Let us now see a SMBO searcher, which is more complex than the random searcher. We copy the implementation here for ease of reference.

from deep_architect.searchers.common import random_specify, specify, Searcher
from deep_architect.surrogates.common import extract_features
import numpy as np


class SMBOSearcher(Searcher):

    def __init__(self, search_space_fn, surrogate_model, num_samples, eps_prob):
        Searcher.__init__(self, search_space_fn)
        self.surr_model = surrogate_model
        self.num_samples = num_samples
        self.eps_prob = eps_prob

    def sample(self):
        if np.random.rand() < self.eps_prob:
            inputs, outputs = self.search_space_fn()
            best_vs = random_specify(outputs)
        else:
            best_model = None
            best_vs = None
            best_score = -np.inf
            for _ in range(self.num_samples):
                inputs, outputs = self.search_space_fn()
                vs = random_specify(outputs)

                feats = extract_features(inputs, outputs)
                score = self.surr_model.eval(feats)
                if score > best_score:
                    best_model = (inputs, outputs)
                    best_vs = vs
                    best_score = score

            inputs, outputs = best_model

        searcher_eval_token = {'vs': best_vs}
        return inputs, outputs, best_vs, searcher_eval_token

    def update(self, val, searcher_eval_token):
        (inputs, outputs) = self.search_space_fn()
        specify(outputs, searcher_eval_token['vs'])
        feats = extract_features(inputs, outputs)
        self.surr_model.update(val, feats)

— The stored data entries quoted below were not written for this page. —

(* Let $M$ be a nonnegative integer, $k=(k_\alpha)_{\alpha\in R^-}\in\mathbb N^{q-1}$ with $\sum_{\alpha\in R^-}\alpha\cdot k_\alpha=0$ in $R$, and $\Gamma$ a finite index set. Suppose that for each $\alpha\in R^-$ and $i\in\Gamma$ we are given nonnegative integers $x_i^{(\alpha)}$ such that $\sum_{i\in\Gamma}x_i^{(\alpha)}=k_\alpha M$ for all $\alpha\in R^-$ and $\sum_{\alpha\in R^-}x_i^{(\alpha)}\le M$ for all $i\in\Gamma$. Then there exist nonnegative integers $w_a$, $a\in\mathcal C_\Gamma^{(k)}$, such that $\sum_{a\in\mathcal C_\Gamma^{(k)}}w_a=M$ and, for all $\alpha\in R^-$ and $i\in\Gamma$, $x_i^{(\alpha)}=\sum_{a\in\mathcal C_\Gamma^{(k)},\,a_i=\alpha}w_a$.
   Context: $R$ is a finite ring with $q$ elements, $R^-=R\setminus\{0\}$. For $\alpha\in R$ and $k\in\mathbb N$, $\alpha\cdot k$ denotes the $k$-fold sum $\alpha+\cdots+\alpha$ (equal to $0$ if $k=0$). For a finite index set $\Gamma$, $\mathcal C_\Gamma=\{a=(a_i)_{i\in\Gamma}\in R^\Gamma:\sum_{i\in\Gamma}a_i=0\}$, $\kappa_\Gamma(a)\in\mathbb N^{q-1}$ has coordinates $\kappa_\Gamma(a)_\alpha=|\{i\in\Gamma:a_i=\alpha\}|$ ($\alpha\in R^-$), and $\mathcal C_\Gamma^{(k)}=\{a\in\mathcal C_\Gamma:\kappa_\Gamma(a)=k\}$. *)

From mathcomp Require Import all_boot all_order all_algebra.
Set Implicit Arguments. Unset Strict Implicit. Unset Printing Implicit Defensive.
Import GRing.Theory.
Local Open Scope ring_scope.

Definition CGamma (R : finPzRingType) (Gamma : finType) : {set {ffun Gamma -> R}} :=
  [set a : {ffun Gamma -> R} | \sum_(i : Gamma) a i == 0].

Definition kappa (R : finPzRingType) (Gamma : finType) (a : {ffun Gamma -> R}) (alpha : R) : nat :=
  #|[set i : Gamma | a i == alpha]|.

(* C_Gamma^(k) for k indexed by R^- (values of k at 0 are irrelevant). *)
Definition CGammak (R : finPzRingType) (Gamma : finType) (k : R -> nat)
  : {set {ffun Gamma -> R}} :=
  [set a in CGamma R Gamma | [forall alpha : R, (alpha != 0) ==> (kappa a alpha == k alpha)]].

From mathcomp Require Import all_boot all_order all_algebra.
From mathcomp Require Import zify.
Import GRing.Theory.
Set Implicit Arguments. Unset Strict Implicit. Unset Printing Implicit Defensive.

(* Adjoin the value 0 with slack x_i^(0) := M - \sum_alpha x_i^(alpha).  The
   resulting matrix y over R x Gamma has all row sums M and column sums
   cap_c * M, where cap_alpha = k_alpha and cap_0 = |Gamma| - \sum_alpha k_alpha.
   Such a matrix is a sum of M incidence matrices of maps a : Gamma -> R with
   fibres of sizes cap_c: by Hall's theorem with capacities the support of y
   contains such a map, and removing it lowers M by one.  These maps are exactly
   C_Gamma^(k), their coordinate sum being \sum_alpha alpha * k_alpha = 0. *)

Section CapacitatedHall.
Variables (T U : finType) (adj : T -> U -> bool).

Definition nbr (S : {set T}) : {set U} := [set u | [exists i in S, adj i u]].

Definition hall_condition (A : {set T}) (cap : U -> nat) :=
  forall S : {set T}, S \subset A -> #|S| <= \sum_(u in nbr S) cap u.

Definition is_matching (A : {set T}) (cap : U -> nat) (f : T -> U) :=
  (forall i, i \in A -> adj i (f i)) /\ (forall u, #|[set i in A | f i == u]| <= cap u).

Lemma nbrP (S : {set T}) u : reflect (exists2 i, i \in S & adj i u) (u \in nbr S).
Proof.
rewrite inE; apply: (iffP existsP) => [[i /andP[]]|[i iS aiu]]; first by exists i.
by exists i; rewrite iS.
Qed.

Lemma nbrU (S1 S2 : {set T}) : nbr (S1 :|: S2) = nbr S1 :|: nbr S2.
Proof.
apply/setP => u; rewrite in_setU; apply/nbrP/orP => [[i]|[]/nbrP[i iS aiu]].
- by rewrite inE => /orP[] iS aiu; [left|right]; apply/nbrP; exists i.
- by exists i; rewrite // inE iS.
- by exists i; rewrite // inE iS orbT.
Qed.

Lemma hall_conditionS (A B : {set T}) cap :
  B \subset A -> hall_condition A cap -> hall_condition B cap.
Proof. by move=> sBA hA S sSB; apply/hA/(subset_trans sSB). Qed.

Lemma matching_set0 cap f : is_matching set0 cap f.
Proof.
split=> [i|u]; first by rewrite inE.
by rewrite (_ : [set _ in _ | _] = set0) ?cards0 //; apply/setP => i; rewrite !inE.
Qed.

Section TightSubset.
Variables (A S0 : {set T}) (cap : U -> nat).
Hypotheses (sS0A : S0 \subset A) (tight : \sum_(u in nbr S0) cap u <= #|S0|).

Let cap_out u := if u \in nbr S0 then 0 else cap u.

Lemma hall_condition_tight_compl :
  hall_condition A cap -> hall_condition (A :\: S0) cap_out.
Proof.
move=> hA S sS.
have sum_out (X : {set U}) : \sum_(u in X) cap_out u = \sum_(u in X :\: nbr S0) cap u.
  rewrite (big_setID (nbr S0)) /= big1 ?add0n => [|u]; last first.
    by rewrite inE /cap_out => /andP[_ ->].
  by apply: eq_bigr => u; rewrite inE /cap_out => /andP[/negbTE ->].
have dS : [disjoint S & S0].
  apply/pred0P => i /=; apply/negP => /andP[/(subsetP sS)].
  by rewrite inE => /andP[/negbTE ->].
have := hA (S :|: S0); rewrite subUset sS0A (subset_trans sS (subsetDl _ _)) => /(_ isT).
rewrite cardsU (disjoint_setI0 dS) cards0 subn0 nbrU sum_out.
rewrite (big_setID (nbr S0)) /= setIC setKU setDUl setDv setU0; lia.
Qed.

Lemma matching_tight_glue f1 f2 :
  is_matching S0 cap f1 -> is_matching (A :\: S0) cap_out f2 ->
  is_matching A cap (fun i => if i \in S0 then f1 i else f2 i).
Proof.
move=> [f1a f1c] [f2a f2c]; split=> [i iA|u].
  by case: ifP => iS; [apply: f1a | apply: f2a; rewrite inE iS].
set X := [set i in A | _]; rewrite -(cardsID S0 X).
have -> : X :&: S0 = [set i in S0 | f1 i == u].
  apply/setP => i; rewrite !inE; case: (boolP (i \in S0)) => iS; rewrite ?andbF ?andbT //.
  by rewrite (subsetP sS0A).
have -> : X :\: S0 = [set i in A :\: S0 | f2 i == u].
  by apply/setP => i; rewrite !inE; case: (boolP (i \in S0)); rewrite ?andbF.
have := f1c u; have := f2c u; rewrite /cap_out; case: ifP => uN; first lia.
suff -> : #|[set i in S0 | f1 i == u]| = 0 by lia.
apply/eqP; rewrite cards_eq0; apply/eqP/setP => i; rewrite !inE.
apply/negP => /andP[iS /eqP fi]; move/negbT: uN => /nbrP; apply.
by exists i; rewrite // -fi f1a.
Qed.

End TightSubset.

Section SlackSubsets.
Variables (A : {set T}) (cap : U -> nat) (a : T) (b : U).
Hypotheses (aA : a \in A) (adj_ab : adj a b) (cap_b : 0 < cap b).

Let cap_dec u := if u == b then (cap u).-1 else cap u.

Lemma hall_condition_slack_remove :
  (forall S : {set T}, S \subset A -> S != set0 -> S != A ->
     \sum_(u in nbr S) cap u > #|S|) ->
  hall_condition (A :\ a) cap_dec.
Proof.
move=> slack S sS; have [->|Sn0] := eqVneq S set0; first by rewrite cards0.
have sSA : S \subset A by apply: subset_trans sS (subD1set _ _).
have SnA : S != A.
  by apply: contraTneq sS => ->; apply/subsetPn; exists a; rewrite // !inE eqxx.
have := slack S sSA Sn0 SnA.
suff : \sum_(u in nbr S) cap u <= \sum_(u in nbr S) cap_dec u + 1 by lia.
have [bN|bN] := boolP (b \in nbr S).
  rewrite (bigD1 b bN) (bigD1 b bN) /= /cap_dec eqxx.
  rewrite [\sum_(i | _) (if _ then _ else _)](eq_bigr cap); first lia.
  by move=> u /andP[_ /negbTE ->].
rewrite (eq_bigr cap_dec) ?leq_addr // => u uN; rewrite /cap_dec.
by case: eqP => // ub; move: bN; rewrite -ub uN.
Qed.

Lemma matching_extend f : is_matching (A :\ a) cap_dec f ->
  is_matching A cap (fun i => if i == a then b else f i).
Proof.
move=> [fa fc]; split=> [i iA|u].
  by case: eqP => [->//|/eqP ia]; apply: fa; rewrite !inE ia.
have := fc u; rewrite /cap_dec; case: eqP => [->|nub] Hc.
  rewrite (cardsD1 a [set i in A | _]) inE aA eqxx.
  rewrite (_ : _ :\ a = [set i in A :\ a | f i == b]); first lia.
  by apply/setP => i; rewrite !inE; case: eqP.
rewrite (_ : [set i in A | _] = [set i in A :\ a | f i == u]) //.
apply/setP => i; rewrite !inE; case: (i =P a) => [->|_] //=.
by apply/negbTE/nandP; right; apply/eqP => bu; case: nub.
Qed.

End SlackSubsets.

Theorem capacitated_hall (u0 : U) (A : {set T}) (cap : U -> nat) :
  hall_condition A cap -> exists f, is_matching A cap f.
Proof.
have [n] := ubnP #|A|; elim: n A cap => // n IH A cap ltAn hA.
have [A0|[a aA]] := set_0Vmem A.
  by exists (fun _ => u0); rewrite A0; apply: matching_set0.
(* Either a proper nonempty S0 is tight, and S0 and A :\: S0 are matched
   separately, or every such set has spare capacity and any edge at a can be
   committed to. *)
have [tight|slack] := boolP [exists S0 : {set T}, [&& S0 \subset A, S0 != set0, S0 != A &
    \sum_(u in nbr S0) cap u <= #|S0|]].
  case/existsP: tight => S0 /and4P[sS0A S0n0 S0nA tight].
  have ltS0A : #|S0| < #|A| by rewrite proper_card // properEneq S0nA.
  have [f1 mf1] := IH S0 cap (leq_trans ltS0A ltAn) (hall_conditionS sS0A hA).
  have ltcompl : #|A :\: S0| < #|A|.
    by rewrite cardsD (setIidPr sS0A); move: S0n0; rewrite -card_gt0; lia.
  have [f2 mf2] :=
    IH _ _ (leq_trans ltcompl ltAn) (hall_condition_tight_compl sS0A tight hA).
  by exists (fun i => if i \in S0 then f1 i else f2 i); apply: matching_tight_glue.
have [b /nbrP[a']] : exists2 b, b \in nbr [set a] & 0 < cap b.
  have := hA [set a]; rewrite sub1set aA cards1 => /(_ isT).
  rewrite ltnNge leqn0 sum_nat_eq0 negb_forall => /existsP[b].
  rewrite negb_imply -lt0n.
  by case/andP; exists b.
rewrite inE => /eqP -> ab capb.
have all_slack (S : {set T}) :
    S \subset A -> S != set0 -> S != A -> \sum_(u in nbr S) cap u > #|S|.
  move=> sSA Sn0 SnA; rewrite ltnNge; apply: contraNN slack => tight.
  by apply/existsP; exists S; rewrite sSA Sn0 SnA.
have ltAa : #|A :\ a| < #|A| by rewrite (cardsD1 a A) aA.
have [f mf] :=
  IH _ _ (leq_trans ltAa ltAn) (hall_condition_slack_remove aA ab capb all_slack).
by exists (fun i => if i == a then b else f i); apply: matching_extend.
Qed.

End CapacitatedHall.

Lemma sum_nat_of_bool (I : finType) (P : pred I) : \sum_i (P i : nat) = #|[set i | P i]|.
Proof. by rewrite -sum1dep_card [RHS]big_mkcond; apply: eq_bigr => i _; case: (P i). Qed.

Section Assignments.
Variables (T U : finType).

Definition assignments (cap : U -> nat) : {set {ffun T -> U}} :=
  [set f : {ffun T -> U} | [forall c, #|[set i | f i == c]| == cap c]].

Lemma sum_fibres (V : nmodType) (F : U -> V) (f : T -> U) :
  (\sum_i F (f i) = \sum_c F c *+ #|[set i | f i == c]|)%R.
Proof.
rewrite (partition_big f xpredT) //=; apply: eq_bigr => c _.
rewrite -sumr_const; apply: eq_big => [i|i /eqP-> //]; by rewrite inE.
Qed.

Lemma card_fibres (f : T -> U) : \sum_c #|[set i | f i == c]| = #|T|.
Proof.
rewrite -sum1_card (partition_big f xpredT) //=; apply: eq_bigr => c _.
by rewrite sum1dep_card.
Qed.

Lemma assignment_in_support (u0 : U) (cap : U -> nat) m (y : U -> T -> nat) :
  (forall i, \sum_c y c i = m.+1) -> (forall c, \sum_i y c i = cap c * m.+1) ->
  exists2 f, f \in assignments cap & forall i, 0 < y (f i) i.
Proof.
move=> row col; pose adj i c := 0 < y c i.
have hall : hall_condition adj [set: T] cap.
  move=> S _; rewrite -(leq_pmul2r (ltn0Sn m)) big_distrl /= -sum_nat_const.
  under eq_bigr => i _ do rewrite -(row i).
  rewrite exchange_big /= (bigID (mem (nbr adj S))) /= [X in _ + X]big1 => [|c cN].
    rewrite addn0; apply: leq_sum => c _; rewrite -col [X in _ <= X](bigID (mem S)) /=.
    exact: leq_addr.
  apply: big1 => i iS; apply/eqP; rewrite -leqn0 leqNgt; apply: contra cN => yci.
  by apply/nbrP; exists i.
have [g [gadj gcap]] := capacitated_hall u0 hall.
have sum_cap : \sum_c cap c = #|T|.
  apply/eqP; rewrite -(eqn_pmul2r (ltn0Sn m)) big_distrl /= -sum_nat_const.
  under eq_bigr => c _ do rewrite -(col c).
  under [X in _ == X]eq_bigr => i _ do rewrite -(row i).
  by rewrite exchange_big.
have cnt_le c : #|[set i | g i == c]| <= cap c.
  by have := gcap c; congr (_ <= _); apply: eq_card => i; rewrite !inE.
have cnt_eq c : #|[set i | g i == c]| = cap c.
  have := @leqif_sum U xpredT _ _ _ (fun c _ => leqif_eq (cnt_le c)).
  rewrite card_fibres sum_cap => -[_]; rewrite eqxx => /esym/forallP/(_ c).
  by move=> /eqP.
exists [ffun i => g i].
  rewrite inE; apply/forallP => c; rewrite -cnt_eq.
  by apply/eqP/eq_card => i; rewrite !inE ffunE.
by move=> i; rewrite ffunE; apply: gadj; rewrite inE.
Qed.

Lemma assignment_decomposition (u0 : U) (cap : U -> nat) m (y : U -> T -> nat) :
  (forall i, \sum_c y c i = m) -> (forall c, \sum_i y c i = cap c * m) ->
  exists w : {ffun T -> U} -> nat, \sum_(f in assignments cap) w f = m /\
    forall c i, y c i = \sum_(f in assignments cap | f i == c) w f.
Proof.
elim: m y => [|m IH] y row col.
  exists (fun _ => 0); split=> [|c i]; first by rewrite big1.
  by rewrite big1 //; have /eqP := row i; rewrite sum_nat_eq0 => /forallP/(_ c)/eqP.
have [f fA fpos] := assignment_in_support u0 row col.
pose y' c i := y c i - (f i == c).
have ind_le c i : (f i == c) <= y c i by case: eqP => // <-; apply: fpos.
have [w' [w'sum w'y]] : exists w : {ffun T -> U} -> nat,
    \sum_(g in assignments cap) w g = m /\
    forall c i, y' c i = \sum_(g in assignments cap | g i == c) w g.
  apply: IH => [i|c]; rewrite sumnB => [|j _]; try exact: ind_le.
  - rewrite row sum_nat_of_bool (_ : [set c | f i == c] = [set f i]) ?cards1 ?subn1 //.
    by apply/setP => c; rewrite !inE eq_sym.
  - rewrite col sum_nat_of_bool; move: fA; rewrite inE => /forallP/(_ c)/eqP ->.
    by rewrite mulnS addKn.
exists (fun g => w' g + (g == f)); split=> [|c i].
  rewrite big_split /= w'sum (bigD1 f fA) /= eqxx big1 ?addn0 ?addn1 //.
  by move=> g /andP[_ /negbTE ->].
rewrite big_split /= -w'y /y'.
have -> : \sum_(g in assignments cap | g i == c) (g == f : nat) = (f i == c).
  case: (f i =P c) => [e|ne].
    rewrite (bigD1 f) /=; last by rewrite fA e eqxx.
    by rewrite eqxx big1 // => g /andP[_ /negbTE ->].
  by rewrite big1 // => g /andP[_ /eqP gi]; case: eqP => // gf; case: ne; rewrite -gi gf.
by rewrite subnK.
Qed.

End Assignments.

Local Open Scope ring_scope.

Definition pad_capacity (R : finPzRingType) (n : nat) (k : R -> nat) (c : R) : nat :=
  if c == 0 then (n - \sum_(a | a != 0%R) k a)%N else k c.

Lemma CGammak_assignments (R : finPzRingType) (Gamma : finType) (k : R -> nat) :
  \sum_(alpha | alpha != 0) alpha *+ k alpha = 0 ->
  CGammak Gamma k = assignments Gamma (pad_capacity #|Gamma| k).
Proof.
move=> hk; apply/setP => a; rewrite !inE.
apply/andP/forallP => [[_ /forallP kap] c | cnt].
  have kapE d : d != 0 -> #|[set i | a i == d]| = k d.
    by move=> dn; apply/eqP/(implyP (kap d)).
  rewrite /pad_capacity; have [->|cn] := eqVneq c 0; last by rewrite kapE.
  have := card_fibres a; rewrite (bigD1 0) //= (eq_bigr k) => [<-|d /kapE //].
  by rewrite addnK.
have cntE d : #|[set i | a i == d]| = pad_capacity #|Gamma| k d by apply/eqP.
split.
  apply/eqP; rewrite (sum_fibres id) (bigD1 0) //= mul0rn add0r -[RHS]hk.
  by apply: eq_bigr => c cn; rewrite cntE /pad_capacity (negbTE cn).
by apply/forallP => c; apply/implyP => cn; rewrite /kappa cntE /pad_capacity (negbTE cn).
Qed.

Theorem proposition3 (R : finPzRingType) (Gamma : finType) (M : nat) (k : R -> nat)
  (x : R -> Gamma -> nat)
  (hk : \sum_(alpha : R | alpha != 0) alpha *+ k alpha = 0)
  (hcol : forall alpha : R, alpha != 0 -> (\sum_(i : Gamma) x alpha i = k alpha * M)%N)
  (hrow : forall i : Gamma, (\sum_(alpha : R | alpha != 0%R) x alpha i <= M)%N) :
  exists w : {ffun Gamma -> R} -> nat,
    (\sum_(a in CGammak Gamma k) w a = M)%N /\
    forall (alpha : R) (i : Gamma), alpha != 0 ->
      x alpha i = (\sum_(a in CGammak Gamma k | a i == alpha :> R) w a)%N.
Proof.
pose y c i := if c == 0 then (M - \sum_(a | a != 0%R) x a i)%N else x c i.
have row i : (\sum_c y c i = M)%N.
  rewrite (bigD1 0) //= /y eqxx (eq_bigr (x^~ i)) => [|c /negbTE -> //].
  by rewrite subnK.
have col c : (\sum_i y c i = pad_capacity #|Gamma| k c * M)%N.
  rewrite /y /pad_capacity; case: eqP => [_|/eqP cn]; last exact: hcol.
  rewrite sumnB // sum_nat_const mulnBl big_distrl exchange_big /=.
  by congr (_ - _)%N; apply: eq_bigr => d dn; rewrite hcol.
have [w [wsum wy]] := assignment_decomposition 0 row col.
rewrite (CGammak_assignments Gamma hk); exists w; split=> // alpha i an.
by rewrite -wy /y (negbTE an).
Qed.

This searcher can be found in searchers/smbo_random.py. A SMBO (surrogate model based optimization) searcher relies on a surrogate function on the space of architectures that gives us a performance estimate or a score.

An architecture from the search space is sampled by optimizing the surrogate function. In the implementation above, the optimization of the surrogate function is done by sampling a number of random architectures from the search space, evaluating the surrogate function for each of them, and picking the best one. Additionally, we pick an architecture at random with fixed probability.

In this case, updates to the searcher correspond to updates to the surrogate function with observed results. The searcher policy hopefully improves as the surrogate function becomes more accurate as we get more data for the search space. The API definition for a surrogate function can be found in surrogates/common.py.

Concluding remarks

Implementing a new searcher amounts to implementing the sample and update methods for it. We point the reader to the searchers folder for more examples. There is a single searcher per file. We very much welcome searcher contributions. If you would like to contribute with a search algorithm that you developed, please write a issue to discuss the implementation.